**Task goal**.
Every line in the data below that includes "Types" belongs in the answer, copied as it stands.

☆ ☆ ☆ ☆

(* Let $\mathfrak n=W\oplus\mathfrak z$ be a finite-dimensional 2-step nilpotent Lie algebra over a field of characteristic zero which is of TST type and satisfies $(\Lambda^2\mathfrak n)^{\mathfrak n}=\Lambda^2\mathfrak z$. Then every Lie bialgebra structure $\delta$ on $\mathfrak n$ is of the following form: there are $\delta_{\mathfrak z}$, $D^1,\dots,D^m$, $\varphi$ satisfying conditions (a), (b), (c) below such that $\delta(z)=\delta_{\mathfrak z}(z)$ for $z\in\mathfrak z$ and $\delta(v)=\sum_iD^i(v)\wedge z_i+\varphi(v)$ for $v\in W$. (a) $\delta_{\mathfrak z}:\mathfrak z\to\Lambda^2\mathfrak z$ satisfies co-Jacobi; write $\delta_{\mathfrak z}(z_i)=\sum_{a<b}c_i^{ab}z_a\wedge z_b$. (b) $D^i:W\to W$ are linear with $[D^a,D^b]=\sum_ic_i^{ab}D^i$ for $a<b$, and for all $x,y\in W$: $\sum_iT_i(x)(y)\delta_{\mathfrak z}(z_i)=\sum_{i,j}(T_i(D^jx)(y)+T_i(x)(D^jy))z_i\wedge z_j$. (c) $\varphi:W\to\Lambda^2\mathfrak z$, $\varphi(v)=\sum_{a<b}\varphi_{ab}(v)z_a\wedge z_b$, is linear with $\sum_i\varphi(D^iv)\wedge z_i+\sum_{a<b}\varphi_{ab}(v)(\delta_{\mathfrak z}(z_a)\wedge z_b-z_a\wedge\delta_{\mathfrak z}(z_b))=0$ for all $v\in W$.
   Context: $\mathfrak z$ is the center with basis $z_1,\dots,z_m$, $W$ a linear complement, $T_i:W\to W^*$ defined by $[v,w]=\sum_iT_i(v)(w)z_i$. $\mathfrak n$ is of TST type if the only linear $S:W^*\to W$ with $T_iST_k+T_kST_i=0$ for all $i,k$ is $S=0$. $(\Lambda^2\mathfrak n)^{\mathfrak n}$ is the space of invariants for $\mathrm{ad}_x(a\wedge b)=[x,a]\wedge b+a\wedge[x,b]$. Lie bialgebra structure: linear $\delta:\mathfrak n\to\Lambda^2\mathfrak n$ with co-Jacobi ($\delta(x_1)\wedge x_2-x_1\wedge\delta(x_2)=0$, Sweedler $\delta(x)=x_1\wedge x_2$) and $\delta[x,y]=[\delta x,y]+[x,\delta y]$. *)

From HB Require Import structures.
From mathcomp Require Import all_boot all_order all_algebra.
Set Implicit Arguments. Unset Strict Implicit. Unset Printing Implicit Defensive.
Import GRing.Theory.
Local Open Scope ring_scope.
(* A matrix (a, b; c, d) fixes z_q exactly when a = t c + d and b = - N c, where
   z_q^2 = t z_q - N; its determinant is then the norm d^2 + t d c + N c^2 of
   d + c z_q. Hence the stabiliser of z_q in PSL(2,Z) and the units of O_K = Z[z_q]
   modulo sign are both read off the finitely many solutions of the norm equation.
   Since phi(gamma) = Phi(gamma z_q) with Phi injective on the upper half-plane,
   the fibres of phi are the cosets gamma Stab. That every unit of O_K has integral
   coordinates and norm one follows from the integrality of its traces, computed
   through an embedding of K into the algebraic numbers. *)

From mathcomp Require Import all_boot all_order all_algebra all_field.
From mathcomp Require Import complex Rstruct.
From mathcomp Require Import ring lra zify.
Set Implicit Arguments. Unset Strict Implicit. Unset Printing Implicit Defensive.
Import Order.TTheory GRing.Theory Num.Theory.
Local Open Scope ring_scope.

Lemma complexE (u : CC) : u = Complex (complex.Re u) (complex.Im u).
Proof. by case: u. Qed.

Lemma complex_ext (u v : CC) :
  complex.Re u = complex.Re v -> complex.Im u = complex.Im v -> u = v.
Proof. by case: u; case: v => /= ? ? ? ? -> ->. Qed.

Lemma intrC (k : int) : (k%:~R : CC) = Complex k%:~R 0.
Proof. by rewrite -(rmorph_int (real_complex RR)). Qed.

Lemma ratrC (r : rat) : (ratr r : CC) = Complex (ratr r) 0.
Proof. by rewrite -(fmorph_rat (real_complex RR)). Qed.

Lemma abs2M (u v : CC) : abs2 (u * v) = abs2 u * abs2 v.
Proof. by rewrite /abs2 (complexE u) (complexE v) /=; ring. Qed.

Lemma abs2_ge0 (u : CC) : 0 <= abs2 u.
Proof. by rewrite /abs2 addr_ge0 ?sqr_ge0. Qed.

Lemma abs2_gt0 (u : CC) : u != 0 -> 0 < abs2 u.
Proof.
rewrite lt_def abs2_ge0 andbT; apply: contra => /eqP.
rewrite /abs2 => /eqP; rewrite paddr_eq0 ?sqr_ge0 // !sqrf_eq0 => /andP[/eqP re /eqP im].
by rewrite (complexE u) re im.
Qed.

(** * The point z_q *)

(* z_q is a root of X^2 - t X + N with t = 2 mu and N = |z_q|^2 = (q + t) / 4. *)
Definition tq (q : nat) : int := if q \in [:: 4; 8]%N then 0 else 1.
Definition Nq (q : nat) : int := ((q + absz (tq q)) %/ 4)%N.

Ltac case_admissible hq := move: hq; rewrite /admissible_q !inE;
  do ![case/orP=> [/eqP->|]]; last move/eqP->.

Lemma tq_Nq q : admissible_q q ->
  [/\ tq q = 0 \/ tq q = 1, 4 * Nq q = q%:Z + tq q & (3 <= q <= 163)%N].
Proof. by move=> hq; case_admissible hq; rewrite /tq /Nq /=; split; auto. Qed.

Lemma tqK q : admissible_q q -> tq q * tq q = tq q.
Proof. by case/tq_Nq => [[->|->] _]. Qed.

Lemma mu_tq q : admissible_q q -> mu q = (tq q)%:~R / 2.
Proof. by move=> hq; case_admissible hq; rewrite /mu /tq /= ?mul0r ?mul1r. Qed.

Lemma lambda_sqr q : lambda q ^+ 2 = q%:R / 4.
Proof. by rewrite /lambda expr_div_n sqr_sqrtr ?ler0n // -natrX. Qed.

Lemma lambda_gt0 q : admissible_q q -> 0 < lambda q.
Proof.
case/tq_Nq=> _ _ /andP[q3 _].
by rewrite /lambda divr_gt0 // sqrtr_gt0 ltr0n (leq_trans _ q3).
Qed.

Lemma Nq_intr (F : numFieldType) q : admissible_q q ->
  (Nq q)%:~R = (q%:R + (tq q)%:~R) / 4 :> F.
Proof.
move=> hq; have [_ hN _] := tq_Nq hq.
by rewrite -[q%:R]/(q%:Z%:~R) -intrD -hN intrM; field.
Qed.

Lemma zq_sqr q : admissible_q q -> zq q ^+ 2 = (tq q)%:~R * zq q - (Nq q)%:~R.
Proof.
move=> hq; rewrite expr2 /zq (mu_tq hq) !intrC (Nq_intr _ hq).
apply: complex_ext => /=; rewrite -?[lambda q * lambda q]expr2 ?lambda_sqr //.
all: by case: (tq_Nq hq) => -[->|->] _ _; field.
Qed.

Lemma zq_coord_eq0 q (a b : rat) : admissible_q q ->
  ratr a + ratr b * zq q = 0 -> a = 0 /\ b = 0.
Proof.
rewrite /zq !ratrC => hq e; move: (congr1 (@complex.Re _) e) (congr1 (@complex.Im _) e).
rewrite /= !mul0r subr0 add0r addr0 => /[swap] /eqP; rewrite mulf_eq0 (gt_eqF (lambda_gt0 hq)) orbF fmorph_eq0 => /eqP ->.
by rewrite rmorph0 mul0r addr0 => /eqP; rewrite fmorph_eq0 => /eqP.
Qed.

☆ ☆ ☆ ☆

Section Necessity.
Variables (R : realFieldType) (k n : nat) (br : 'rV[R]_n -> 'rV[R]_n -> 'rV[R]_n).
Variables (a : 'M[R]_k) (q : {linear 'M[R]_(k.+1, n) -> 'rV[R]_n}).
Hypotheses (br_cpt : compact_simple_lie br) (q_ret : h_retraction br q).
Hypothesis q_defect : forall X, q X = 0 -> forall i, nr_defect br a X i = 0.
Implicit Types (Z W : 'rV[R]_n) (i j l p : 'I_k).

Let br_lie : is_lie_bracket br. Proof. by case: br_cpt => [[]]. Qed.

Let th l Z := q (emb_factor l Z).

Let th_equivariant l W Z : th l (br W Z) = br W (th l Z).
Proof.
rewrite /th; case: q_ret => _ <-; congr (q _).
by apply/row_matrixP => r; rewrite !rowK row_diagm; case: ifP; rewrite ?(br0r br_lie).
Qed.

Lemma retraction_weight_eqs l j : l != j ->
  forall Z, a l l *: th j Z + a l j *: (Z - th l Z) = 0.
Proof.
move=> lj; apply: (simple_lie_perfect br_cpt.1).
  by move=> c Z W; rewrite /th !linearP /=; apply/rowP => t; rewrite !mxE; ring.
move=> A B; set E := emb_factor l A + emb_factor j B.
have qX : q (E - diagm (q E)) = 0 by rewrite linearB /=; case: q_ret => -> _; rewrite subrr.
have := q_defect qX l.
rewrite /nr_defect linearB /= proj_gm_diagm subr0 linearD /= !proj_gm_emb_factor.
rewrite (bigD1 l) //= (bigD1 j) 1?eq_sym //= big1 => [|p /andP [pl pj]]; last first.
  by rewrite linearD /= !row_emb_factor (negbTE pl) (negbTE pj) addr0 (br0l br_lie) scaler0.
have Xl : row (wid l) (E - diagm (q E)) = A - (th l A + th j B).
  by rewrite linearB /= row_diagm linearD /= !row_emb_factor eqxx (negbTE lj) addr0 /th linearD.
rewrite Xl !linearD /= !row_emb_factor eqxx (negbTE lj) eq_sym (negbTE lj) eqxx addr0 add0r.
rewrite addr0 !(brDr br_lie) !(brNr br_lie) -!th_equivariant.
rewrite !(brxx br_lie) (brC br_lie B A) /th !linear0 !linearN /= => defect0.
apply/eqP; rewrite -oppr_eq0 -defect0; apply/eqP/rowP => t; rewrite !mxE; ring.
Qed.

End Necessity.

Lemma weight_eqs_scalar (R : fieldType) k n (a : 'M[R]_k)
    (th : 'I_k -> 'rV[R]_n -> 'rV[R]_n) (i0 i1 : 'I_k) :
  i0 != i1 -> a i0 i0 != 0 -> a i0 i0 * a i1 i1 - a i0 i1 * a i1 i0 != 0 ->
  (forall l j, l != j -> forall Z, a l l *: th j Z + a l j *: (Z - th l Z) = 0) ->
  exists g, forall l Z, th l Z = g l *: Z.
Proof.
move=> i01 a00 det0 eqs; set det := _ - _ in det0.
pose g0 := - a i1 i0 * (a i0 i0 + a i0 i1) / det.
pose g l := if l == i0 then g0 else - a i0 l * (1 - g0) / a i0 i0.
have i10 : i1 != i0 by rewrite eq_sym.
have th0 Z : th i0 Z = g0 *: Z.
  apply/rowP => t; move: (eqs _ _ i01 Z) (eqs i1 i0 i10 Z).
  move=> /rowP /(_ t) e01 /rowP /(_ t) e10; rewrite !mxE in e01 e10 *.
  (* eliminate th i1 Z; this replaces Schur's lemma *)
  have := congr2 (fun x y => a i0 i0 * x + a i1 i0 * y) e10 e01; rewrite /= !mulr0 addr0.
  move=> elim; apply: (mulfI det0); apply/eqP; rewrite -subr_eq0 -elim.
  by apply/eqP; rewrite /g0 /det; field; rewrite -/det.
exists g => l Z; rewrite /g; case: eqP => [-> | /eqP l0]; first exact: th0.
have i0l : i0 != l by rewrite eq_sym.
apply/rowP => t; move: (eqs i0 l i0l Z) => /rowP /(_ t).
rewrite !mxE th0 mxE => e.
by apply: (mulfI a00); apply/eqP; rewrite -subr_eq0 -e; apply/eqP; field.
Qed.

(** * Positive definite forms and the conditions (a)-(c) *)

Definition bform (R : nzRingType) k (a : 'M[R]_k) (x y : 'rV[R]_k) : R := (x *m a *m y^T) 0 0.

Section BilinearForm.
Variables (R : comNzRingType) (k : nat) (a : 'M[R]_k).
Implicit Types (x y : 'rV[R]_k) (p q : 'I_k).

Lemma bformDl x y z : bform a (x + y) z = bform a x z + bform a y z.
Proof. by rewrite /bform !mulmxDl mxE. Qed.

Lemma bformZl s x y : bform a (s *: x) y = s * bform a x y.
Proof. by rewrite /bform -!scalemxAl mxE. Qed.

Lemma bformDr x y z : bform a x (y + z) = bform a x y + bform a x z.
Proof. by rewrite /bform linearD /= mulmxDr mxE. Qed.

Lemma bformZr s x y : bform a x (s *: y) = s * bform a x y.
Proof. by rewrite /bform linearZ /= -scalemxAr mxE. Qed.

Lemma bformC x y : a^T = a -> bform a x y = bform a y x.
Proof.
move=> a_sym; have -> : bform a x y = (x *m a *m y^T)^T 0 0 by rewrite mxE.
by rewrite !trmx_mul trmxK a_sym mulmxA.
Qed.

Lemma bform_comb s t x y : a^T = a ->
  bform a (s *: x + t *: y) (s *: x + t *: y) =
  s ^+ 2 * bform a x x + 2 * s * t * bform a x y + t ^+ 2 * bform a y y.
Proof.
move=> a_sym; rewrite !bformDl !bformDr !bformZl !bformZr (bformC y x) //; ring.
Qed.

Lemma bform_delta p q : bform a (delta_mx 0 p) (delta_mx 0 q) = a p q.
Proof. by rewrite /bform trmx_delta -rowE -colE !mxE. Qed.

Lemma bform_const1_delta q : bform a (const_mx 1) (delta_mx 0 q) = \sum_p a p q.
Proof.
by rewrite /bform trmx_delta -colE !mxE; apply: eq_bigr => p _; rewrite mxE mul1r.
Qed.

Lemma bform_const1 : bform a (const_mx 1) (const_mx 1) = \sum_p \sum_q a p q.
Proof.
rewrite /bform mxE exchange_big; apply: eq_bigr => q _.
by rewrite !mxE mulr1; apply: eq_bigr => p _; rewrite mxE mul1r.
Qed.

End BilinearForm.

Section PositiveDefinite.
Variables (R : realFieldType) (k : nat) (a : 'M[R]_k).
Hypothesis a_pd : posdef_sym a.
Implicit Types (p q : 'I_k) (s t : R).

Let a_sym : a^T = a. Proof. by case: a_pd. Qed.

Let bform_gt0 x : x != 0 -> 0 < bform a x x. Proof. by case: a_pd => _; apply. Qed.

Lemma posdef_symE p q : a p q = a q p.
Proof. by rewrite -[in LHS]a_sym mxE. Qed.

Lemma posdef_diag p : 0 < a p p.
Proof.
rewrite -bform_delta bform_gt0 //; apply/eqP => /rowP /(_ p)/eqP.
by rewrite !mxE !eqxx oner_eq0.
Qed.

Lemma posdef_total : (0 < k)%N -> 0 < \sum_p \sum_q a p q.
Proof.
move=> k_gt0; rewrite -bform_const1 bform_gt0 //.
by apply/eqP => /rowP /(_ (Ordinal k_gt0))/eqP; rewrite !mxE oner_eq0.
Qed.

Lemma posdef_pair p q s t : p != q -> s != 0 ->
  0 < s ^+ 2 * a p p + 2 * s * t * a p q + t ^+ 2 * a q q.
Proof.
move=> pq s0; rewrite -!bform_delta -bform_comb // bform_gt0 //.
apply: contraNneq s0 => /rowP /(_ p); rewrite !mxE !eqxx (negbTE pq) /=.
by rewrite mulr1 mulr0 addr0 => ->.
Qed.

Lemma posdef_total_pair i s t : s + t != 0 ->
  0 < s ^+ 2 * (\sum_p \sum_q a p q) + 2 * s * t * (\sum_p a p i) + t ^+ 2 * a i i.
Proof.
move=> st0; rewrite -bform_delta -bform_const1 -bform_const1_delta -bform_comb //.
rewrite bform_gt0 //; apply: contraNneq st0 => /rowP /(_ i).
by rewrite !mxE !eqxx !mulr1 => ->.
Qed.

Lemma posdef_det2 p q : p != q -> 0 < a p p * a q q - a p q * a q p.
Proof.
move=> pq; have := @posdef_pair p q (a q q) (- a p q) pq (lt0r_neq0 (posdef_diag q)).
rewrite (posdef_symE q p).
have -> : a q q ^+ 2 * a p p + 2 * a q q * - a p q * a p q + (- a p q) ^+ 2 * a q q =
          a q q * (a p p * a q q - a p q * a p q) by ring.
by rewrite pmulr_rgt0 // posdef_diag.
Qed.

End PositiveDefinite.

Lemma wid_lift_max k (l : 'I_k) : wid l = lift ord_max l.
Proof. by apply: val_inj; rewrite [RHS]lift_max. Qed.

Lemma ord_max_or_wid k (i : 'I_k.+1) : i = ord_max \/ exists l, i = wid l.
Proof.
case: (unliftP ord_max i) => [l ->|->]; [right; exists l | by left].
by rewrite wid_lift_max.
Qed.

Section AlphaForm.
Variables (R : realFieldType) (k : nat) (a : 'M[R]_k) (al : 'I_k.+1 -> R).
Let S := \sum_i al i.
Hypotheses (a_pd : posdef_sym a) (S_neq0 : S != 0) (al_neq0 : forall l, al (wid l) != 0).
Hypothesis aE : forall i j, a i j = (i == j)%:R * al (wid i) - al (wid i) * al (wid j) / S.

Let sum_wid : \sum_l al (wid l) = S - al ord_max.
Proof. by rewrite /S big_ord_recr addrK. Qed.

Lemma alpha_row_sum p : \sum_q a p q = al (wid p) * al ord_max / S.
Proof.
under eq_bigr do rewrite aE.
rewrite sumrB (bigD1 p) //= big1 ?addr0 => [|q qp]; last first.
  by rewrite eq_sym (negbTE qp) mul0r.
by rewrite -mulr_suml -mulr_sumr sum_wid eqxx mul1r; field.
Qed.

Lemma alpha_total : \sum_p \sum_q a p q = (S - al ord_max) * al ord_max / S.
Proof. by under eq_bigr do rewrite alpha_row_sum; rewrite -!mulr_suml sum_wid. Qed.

☆ ☆ ☆ ☆

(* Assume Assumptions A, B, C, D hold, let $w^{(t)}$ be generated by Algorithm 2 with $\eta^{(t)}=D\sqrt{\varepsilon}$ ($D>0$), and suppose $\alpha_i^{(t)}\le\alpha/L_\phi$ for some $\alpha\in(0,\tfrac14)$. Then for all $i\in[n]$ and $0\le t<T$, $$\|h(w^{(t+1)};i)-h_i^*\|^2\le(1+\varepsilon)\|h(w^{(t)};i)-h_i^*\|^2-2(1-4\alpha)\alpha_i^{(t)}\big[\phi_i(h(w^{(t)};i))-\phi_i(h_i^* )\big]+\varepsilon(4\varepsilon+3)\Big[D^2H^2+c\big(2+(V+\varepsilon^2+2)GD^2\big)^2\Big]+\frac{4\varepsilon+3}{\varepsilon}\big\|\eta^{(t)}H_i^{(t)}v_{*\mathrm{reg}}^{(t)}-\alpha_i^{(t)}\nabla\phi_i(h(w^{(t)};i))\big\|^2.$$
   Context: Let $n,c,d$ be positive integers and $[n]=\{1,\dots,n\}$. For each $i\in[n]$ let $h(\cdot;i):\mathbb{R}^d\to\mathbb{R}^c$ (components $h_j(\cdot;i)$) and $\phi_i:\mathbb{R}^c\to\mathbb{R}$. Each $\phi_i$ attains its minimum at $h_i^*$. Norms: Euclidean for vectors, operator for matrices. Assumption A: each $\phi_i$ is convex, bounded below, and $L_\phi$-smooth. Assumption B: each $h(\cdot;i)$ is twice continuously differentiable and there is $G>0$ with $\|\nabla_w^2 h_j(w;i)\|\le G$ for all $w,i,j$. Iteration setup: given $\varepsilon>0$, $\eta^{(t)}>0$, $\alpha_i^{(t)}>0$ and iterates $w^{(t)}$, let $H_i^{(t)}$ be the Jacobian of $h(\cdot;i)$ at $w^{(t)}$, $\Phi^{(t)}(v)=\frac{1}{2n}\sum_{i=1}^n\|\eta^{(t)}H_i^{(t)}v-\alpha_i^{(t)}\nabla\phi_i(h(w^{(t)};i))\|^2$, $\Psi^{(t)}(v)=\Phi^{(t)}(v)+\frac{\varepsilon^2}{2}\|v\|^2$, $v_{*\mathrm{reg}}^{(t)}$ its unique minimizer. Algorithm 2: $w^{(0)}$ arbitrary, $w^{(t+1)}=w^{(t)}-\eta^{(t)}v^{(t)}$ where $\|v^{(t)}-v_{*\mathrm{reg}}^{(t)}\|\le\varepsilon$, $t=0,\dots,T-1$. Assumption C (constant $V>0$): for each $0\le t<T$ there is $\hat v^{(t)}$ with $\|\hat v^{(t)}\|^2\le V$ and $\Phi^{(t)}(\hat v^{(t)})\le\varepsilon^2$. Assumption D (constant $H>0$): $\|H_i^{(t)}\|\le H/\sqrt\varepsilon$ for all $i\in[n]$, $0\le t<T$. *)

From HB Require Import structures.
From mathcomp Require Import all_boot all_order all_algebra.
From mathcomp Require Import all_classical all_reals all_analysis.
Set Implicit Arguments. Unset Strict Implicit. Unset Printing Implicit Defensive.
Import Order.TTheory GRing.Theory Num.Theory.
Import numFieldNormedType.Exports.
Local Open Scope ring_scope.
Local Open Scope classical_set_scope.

☆ ☆ ☆ ☆

**Answer section**.
Implicit Types (Z W : 'rV[R]_n) (i j l p : 'I_k).
Implicit Types (x y : 'rV[R]_k) (p q : 'I_k).
Implicit Types (p q : 'I_k) (s t : R).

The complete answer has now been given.